To determine the identity of nucleotides after incubating the sample comprising ^K44Adynamin with PS liposomes, we performed a sedimentation assay followed by analysis with HPLC, UV spectroscopy, and mass spectrometry. The samples were prepared similar to the Cryo-EM sample preparation method. Briefly, PS liposomes were added to 1 mg/mL dynamin K44A and incubated for 1 hour at room temperature¹⁷. 2 mM of GTP was added to reaction mixture, incubated for 30 minutes followed by immediate high-speed ultracentrifugation (100,000xg, 15 min at 4 °C, Beckman Coulter, TLA 100 rotor). The supernatant and pellet fractions were analyzed by a modified HPLC method originally described by Giuseppe, et al⁶⁵. The 15 ml samples were analyzed in 0.9 ml/min flow for 48 minutes using the Agilent 1100 HPLC (Agilent Technologies, USA) equipped with a reverse phase column, SUPERCOSIL LC-18-T, 150 × 4.6 mm, 3 mm (SUPELCO Analytical, USA) with two buffers, Buffer A, 10 mM KH₂PO₄ pH 7.01, 10 mM tetrabutylammonium hydroxide, 1 % methanol, and Buffer B, 100 mM KH₂PO₄ pH 5.47, 2.8 mM tetrabutylammonium hydroxide, 30 % methanol. The gradient started with 0 % of buffer B and changed % of B as follows: 8 min at 0 %, 12 min at up to 40 %, 22 min at up to 44 %, and 35 min at up to 100 %. 100% B was held for 5 min and then back to the initial setting within 1 min, and the column was re-equilibrated for 7 min at 0 %. GDP and GTP were detected at 252 nm, and all data were analyzed using Agilent software, ChemStation B. 04.03 (Agilent Technologies, USA). GDP and GTP peaks were collected from the HPLC and their masses were analyzed by Agilent 6530C QTOF-LC/MS equipped with a Poroshell 120 HILIC-Z column (2.1 × 50 mm, 2.7 mm, Agilent Technologies, USA). The analytes were eluted with two buffers, Buffer A, 20 mM ammonium formate pH3.30, and Buffer B, 20 mM ammonium formate pH3.30 in acetonitrile. Positive electrospray ionization MS spectra were obtained in the mass range of 200 ~ 1200 m/z. The drying gas temperature was 300°C with a drying gas flow of 8 L / min and a pressure of 30 psi. The capillary and fragmentor voltages were 3500 V and 120 V, respectively. Mass spectra were analyzed using Agilent software, MassHunter Qualitative Analysis version B.07 (Agilent Technologies, USA).

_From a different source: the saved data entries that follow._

(* Let $C$ be a linear $[n,k,d]_q$ code with covering radius $\rho$, and let $C'=\{(a,x_1,\dots,x_n): a\in\mathbb{F}_q,\ (x_1,\dots,x_n)\in C\}\subseteq\mathbb{F}_q^{n+1}$ be its $q$-repeated code. Then $C'$ has covering radius $\rho'=\rho$ and minimum distance $d'=1$. Moreover, $C'$ is completely regular if and only if $C$ is completely regular.
   Context: $\mathbb{F}_q$ is the finite field with $q$ elements. Hamming weight $\mathrm{wt}$ and distance $d({\bf x},{\bf y})=\mathrm{wt}({\bf x}-{\bf y})$; $d({\bf v},C)=\min_{{\bf x}\in C}d({\bf v},{\bf x})$; covering radius $\rho=\max_{{\bf v}}d({\bf v},C)$. A code $C$ is completely regular if for every vector ${\bf x}$, with $t=d({\bf x},C)$, the number of codewords at distance $i$ from ${\bf x}$ depends only on $t$ and $i$. *)

From HB Require Import structures.
From mathcomp Require Import all_boot all_order all_algebra all_field.
Set Implicit Arguments. Unset Strict Implicit. Unset Printing Implicit Defensive.
Import GRing.Theory.
Local Open Scope ring_scope.

Section Codes.
Variable F : finFieldType.

Definition wt n (x : 'rV[F]_n) : nat := #|[set i : 'I_n | x 0 i != 0]|.
Definition hdist n (x y : 'rV[F]_n) : nat := wt (x - y).

Definition linear_code n (C : {set 'rV[F]_n}) : Prop :=
  0 \in C /\ forall (a : F) (x y : 'rV[F]_n), x \in C -> y \in C -> a *: x + y \in C.

(* d(v, C) = min_{x in C} d(v, x); distances are <= n so n is a neutral default
   for nonempty C. *)
Definition dist_to_code n (C : {set 'rV[F]_n}) (v : 'rV[F]_n) : nat :=
  \big[minn/n]_(x in C) hdist v x.

Definition covering_radius n (C : {set 'rV[F]_n}) : nat :=
  \max_(v : 'rV[F]_n) dist_to_code C v.

(* minimum distance = min over distinct pairs of codewords
   (default n.+1 only matters for codes with < 2 codewords). *)
Definition min_distance n (C : {set 'rV[F]_n}) : nat :=
  \big[minn/n.+1]_(x in C) \big[minn/n.+1]_(y in C | y != x) hdist x y.

Definition completely_regular n (C : {set 'rV[F]_n}) : Prop :=
  forall x y : 'rV[F]_n, dist_to_code C x = dist_to_code C y ->
    forall i : nat, #|[set c in C | hdist x c == i]| = #|[set c in C | hdist y c == i]|.

Definition repeated_code n (C : {set 'rV[F]_n}) : {set 'rV[F]_n.+1} :=
  [set x : 'rV[F]_n.+1 | \row_(j < n) x 0 (lift ord0 j) \in C].

End Codes.

From HB Require Import structures.
From mathcomp Require Import all_boot all_order all_algebra all_field.
Set Implicit Arguments. Unset Strict Implicit. Unset Printing Implicit Defensive.
Import Order.TTheory GRing.Theory.

(* Write a word of F^(n+1) as (a, u) with a in F and u in F^n.  Then
   d((a,u), (b,v)) = [a != b] + d(u, v), and (b, v) lies in the repeated code
   iff v lies in C.  Minimising over b = a gives d((a,u), C') = d(u, C), whence
   rho' = rho, and (0, c), (1, c) are codewords at distance 1.  Splitting the
   codewords of C' at distance i from (a, u) according to b = a or b != a gives
   N'_i(a,u) = N_i(u) + (q - 1) N_(i-1)(u): the N_i(u) determine the N'_i(a,u)
   and conversely, by induction on i. *)

Section BigMinn.
Variables (I : finType) (P : pred I) (f : I -> nat) (m : nat).

Lemma geq_bigminn_cond j : P j -> \big[minn/m]_(i | P i) f i <= f j.
Proof. by move=> Pj; rewrite -Order.NatOrder.minEnat; exact: (bigmin_le_cond (T:=nat)). Qed.

Lemma leq_bigminn k :
  k <= m -> (forall i, P i -> k <= f i) -> k <= \big[minn/m]_(i | P i) f i.
Proof. by move=> km kf; rewrite -Order.NatOrder.minEnat; exact/(bigmin_geP (T:=nat)). Qed.

Lemma bigminn_attained j : P j -> (forall i, P i -> f i <= m) ->
  exists2 i, P i & \big[minn/m]_(i | P i) f i = f i.
Proof.
move=> Pj fm; rewrite -Order.NatOrder.minEnat (@bigmin_eq_arg _ nat _ m j P f Pj) //.
by case: arg_minP => // i Pi _; exists i.
Qed.

End BigMinn.

Section HammingSpace.
Variables (F : finFieldType) (n : nat).
Implicit Types (x y u v : 'rV[F]_n) (C : {set 'rV[F]_n}).

Lemma wt_sum x : wt x = \sum_i (x 0%R i != 0%R).
Proof. by rewrite /wt -sum1dep_card big_mkcond. Qed.

Lemma wt_le_dim x : wt x <= n.
Proof. by rewrite /wt (leq_trans (max_card _)) ?card_ord. Qed.

Lemma wt_eq0 x : (wt x == 0) = (x == 0%R).
Proof.
rewrite /wt cards_eq0; apply/eqP/eqP => [x0 | ->]; last first.
  by apply/setP => i; rewrite !inE mxE eqxx.
apply/rowP => i; rewrite mxE; apply/eqP.
by have := in_set0 i; rewrite -x0 inE => /negbFE.
Qed.

Lemma hdistxx x : hdist x x = 0.
Proof. by apply/eqP; rewrite /hdist subrr wt_eq0. Qed.

Lemma hdist_gt0 x y : x != y -> 0 < hdist x y.
Proof. by rewrite lt0n /hdist wt_eq0 subr_eq0. Qed.

Lemma dist_to_code_le C v c : c \in C -> dist_to_code C v <= hdist v c.
Proof. exact: geq_bigminn_cond. Qed.

Lemma dist_to_code_attained C v c0 : c0 \in C ->
  exists2 c, c \in C & dist_to_code C v = hdist v c.
Proof. by move=> C_c0; apply: (bigminn_attained C_c0) => c _; exact: wt_le_dim. Qed.

Lemma min_distance_le C x y :
  x \in C -> y \in C -> x != y -> min_distance C <= hdist x y.
Proof.
move=> Cx Cy xy; apply: leq_trans (geq_bigminn_cond _ _ Cx) _.
by apply: geq_bigminn_cond; rewrite Cy eq_sym.
Qed.

Lemma min_distance_gt0 C : 0 < min_distance C.
Proof.
apply: leq_bigminn => // x _; apply: leq_bigminn => // y /andP[_ yx].
by rewrite hdist_gt0 // eq_sym.
Qed.

End HammingSpace.

Section RowCons.
Variables (F : finFieldType) (n : nat).
Implicit Types (a b : F) (u v : 'rV[F]_n) (x : 'rV[F]_n.+1).

Definition row_cons a u : 'rV[F]_n.+1 :=
  \row_j (if unlift ord0 j is Some k then u 0%R k else a).

Definition row_behead x : 'rV[F]_n := \row_(k < n) x 0%R (lift ord0 k).

Lemma row_cons_head a u : row_cons a u 0%R ord0 = a.
Proof. by rewrite mxE unlift_none. Qed.

Lemma row_beheadK a u : row_behead (row_cons a u) = u.
Proof. by apply/rowP => k; rewrite !mxE liftK. Qed.

Lemma row_consK x : row_cons (x 0%R ord0) (row_behead x) = x.
Proof. by apply/rowP => j; rewrite !mxE; case: unliftP => [k ->|->]; rewrite ?mxE. Qed.

Lemma row_cons_ind (P : 'rV[F]_n.+1 -> Prop) :
  (forall a u, P (row_cons a u)) -> forall x, P x.
Proof. by move=> Pcons x; rewrite -[x]row_consK. Qed.

Lemma wt_row_cons a u : wt (row_cons a u) = (a != 0%R) + wt u.
Proof.
rewrite !wt_sum big_ord_recl row_cons_head; congr (_ + _).
by apply: eq_bigr => k _; rewrite mxE liftK.
Qed.

Lemma row_cons_sub a b u v : (row_cons a u - row_cons b v = row_cons (a - b) (u - v))%R.
Proof. by apply/rowP => j; rewrite !mxE; case: unlift => [k|]; rewrite ?mxE. Qed.

Lemma hdist_row_cons a b u v :
  hdist (row_cons a u) (row_cons b v) = (a != b) + hdist u v.
Proof. by rewrite /hdist row_cons_sub wt_row_cons subr_eq0. Qed.

End RowCons.

Section RepeatedCode.
Variables (F : finFieldType) (n : nat) (C : {set 'rV[F]_n}).
Local Notation C' := (repeated_code C).

Lemma row_cons_repeated_code a u : (row_cons a u \in C') = (u \in C).
Proof. by rewrite inE -/(row_behead (row_cons a u)) row_beheadK. Qed.

Lemma dist_repeated_code a u c0 : c0 \in C ->
  dist_to_code C' (row_cons a u) = dist_to_code C u.
Proof.
move=> C_c0; apply/eqP; rewrite eqn_leq; apply/andP; split.
  have [c Cc ->] := dist_to_code_attained u C_c0.
  have C'_ac : row_cons a c \in C' by rewrite row_cons_repeated_code.
  by have := dist_to_code_le (row_cons a u) C'_ac; rewrite hdist_row_cons eqxx.
have C'_c0 : row_cons a c0 \in C' by rewrite row_cons_repeated_code.
have [x + ->] := dist_to_code_attained (row_cons a u) C'_c0.
elim/row_cons_ind: x => b v; rewrite row_cons_repeated_code hdist_row_cons => Cv.
exact: leq_trans (dist_to_code_le u Cv) (leq_addl _ _).
Qed.

Lemma covering_radius_repeated_code c0 : c0 \in C ->
  covering_radius C' = covering_radius C.
Proof.
move=> C_c0; apply/eqP; rewrite eqn_leq; apply/andP; split.
  apply/bigmax_leqP => x _; elim/row_cons_ind: x => a u.
  by rewrite (dist_repeated_code _ _ C_c0) leq_bigmax.
by apply/bigmax_leqP => u _; rewrite -(dist_repeated_code 0%R u C_c0) leq_bigmax.
Qed.

Lemma min_distance_repeated_code c : c \in C -> min_distance C' = 1.
Proof.
move=> Cc; apply/eqP; rewrite eqn_leq min_distance_gt0 andbT.
have C'_c a : row_cons a c \in C' by rewrite row_cons_repeated_code.
have neq01 : row_cons 0%R c != row_cons 1%R c.
  apply: contra_neq (oner_neq0 F) => /(congr1 (fun x : 'rV_n.+1 => x 0%R ord0)).
  by rewrite !row_cons_head.
apply: leq_trans (min_distance_le (C'_c _) (C'_c _) neq01) _.
by rewrite hdist_row_cons hdistxx eq_sym oner_neq0.
Qed.

Lemma card_repeated_sphere a u i :
  #|[set c in C' | hdist (row_cons a u) c == i]| =
  #|[set c in C | hdist u c == i]| +
  #|F|.-1 * (if i is i'.+1 then #|[set c in C | hdist u c == i']| else 0).
Proof.
rewrite -sum1dep_card (reindex (fun p : F * 'rV_n => row_cons p.1 p.2)) /=; last first.
  exists (fun x : 'rV_n.+1 => (x 0%R ord0, row_behead x)) => [[b v]|x] _ /=.
    by rewrite row_cons_head row_beheadK.
  exact: row_consK.
under eq_bigl => p do rewrite row_cons_repeated_code hdist_row_cons.
rewrite -(pair_big_dep xpredT (fun b v => (v \in C) && ((a != b) + hdist u v == i))
                      (fun _ _ => 1)) /=.
rewrite (bigD1 a) //= sum1dep_card eqxx /=; congr (_ + _).
under eq_bigr => b ab do rewrite eq_sym ab sum1dep_card.
rewrite sum_nat_const cardC1; congr (_ * _).
case: i => [|i] //; apply/eqP; rewrite cards_eq0; apply/eqP/setP => v.
by rewrite !inE andbF.
Qed.

Lemma completely_regular_from_repeated_code c0 : c0 \in C ->
  completely_regular C' -> completely_regular C.
Proof.
move=> C_c0 crC' u v duv.
have /crC' crC'_0 : dist_to_code C' (row_cons 0%R u) = dist_to_code C' (row_cons 0%R v).
  by rewrite !(dist_repeated_code _ _ C_c0).
elim=> [|i IH].
  by have := crC'_0 0; rewrite !card_repeated_sphere !muln0 !addn0.
by have /eqP := crC'_0 i.+1; rewrite !card_repeated_sphere IH eqn_add2r => /eqP.
Qed.

Lemma completely_regular_repeated_code c0 : c0 \in C ->
  completely_regular C -> completely_regular C'.
Proof.
move=> C_c0 crC x y; elim/row_cons_ind: x => a u; elim/row_cons_ind: y => b v.
rewrite !(dist_repeated_code _ _ C_c0) => /crC crC_uv.
by case=> [|i]; rewrite 2!card_repeated_sphere ?crC_uv // 2!crC_uv.
Qed.

End RepeatedCode.

Theorem theorem2p3 (F : finFieldType) (n : nat) (C : {set 'rV[F]_n}) :
  linear_code C ->
  [/\ covering_radius (repeated_code C) = covering_radius C,
      min_distance (repeated_code C) = 1%N
    & completely_regular (repeated_code C) <-> completely_regular C].
Proof.
move=> [C0 _]; split.
- exact: covering_radius_repeated_code C0.
- exact: min_distance_repeated_code C0.
- split; first exact: completely_regular_from_repeated_code C0.
  exact: completely_regular_repeated_code C0.
Qed.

QUANTIFICATION AND STATISTICAL ANALYSIS

Statistical analyses were determined using the GraphPad Prism software (v 8.0.2). In the figure legends, the details of the number of experiments, the center and dispersion and precision measures (e.g. mean, SD and SEM) are provided. Significant differences are defined by p<0.05.

Supplementary Material

2

Video S1, related to Figure 2: Morphing of the GTPase domain between constricted (^ΔPRDdyn^PCP) and super-constricted (^ΔPRD-K44Adyn^GDP) dynamin helical polymers on lipid tubules.

3

Video S2, related to Figure 5. Modeling of a dynamin polymer assembled on the neck of budding clathrin-coated vesicle in the cell.

4

Video S3, related to Figure 5. Tomogram of dynamin in HeLa cells showing regions 1, 2, and 3.

5

Video S4, related to Figure 5. Tomogram of dynamin in HeLa cells showing region 4.

6

Video S5, related to Figure 5. Tomogram of dynamin in HeLa cells showing regions 5, 6, and 7.

7

Video S6, related to Figure 6. Animation (morph) of dynamin organization on lipid tubules in the 1-start GTP-bound constricted state and transition to the 2-start GDP-bound super-constricted state.

Highlights.

• Dynamin is organized as a 2-start helix on membranes primed for fission.

• Dynamin-decorated lipid tubules achieve super-constriction through GTP hydrolysis.

• Cryo-EM captures PH domain variable loops 1 and 4 interacting with membranes.

• Cryo-ET shows dynamin assemblies in vivo as an assortment of helical polymers.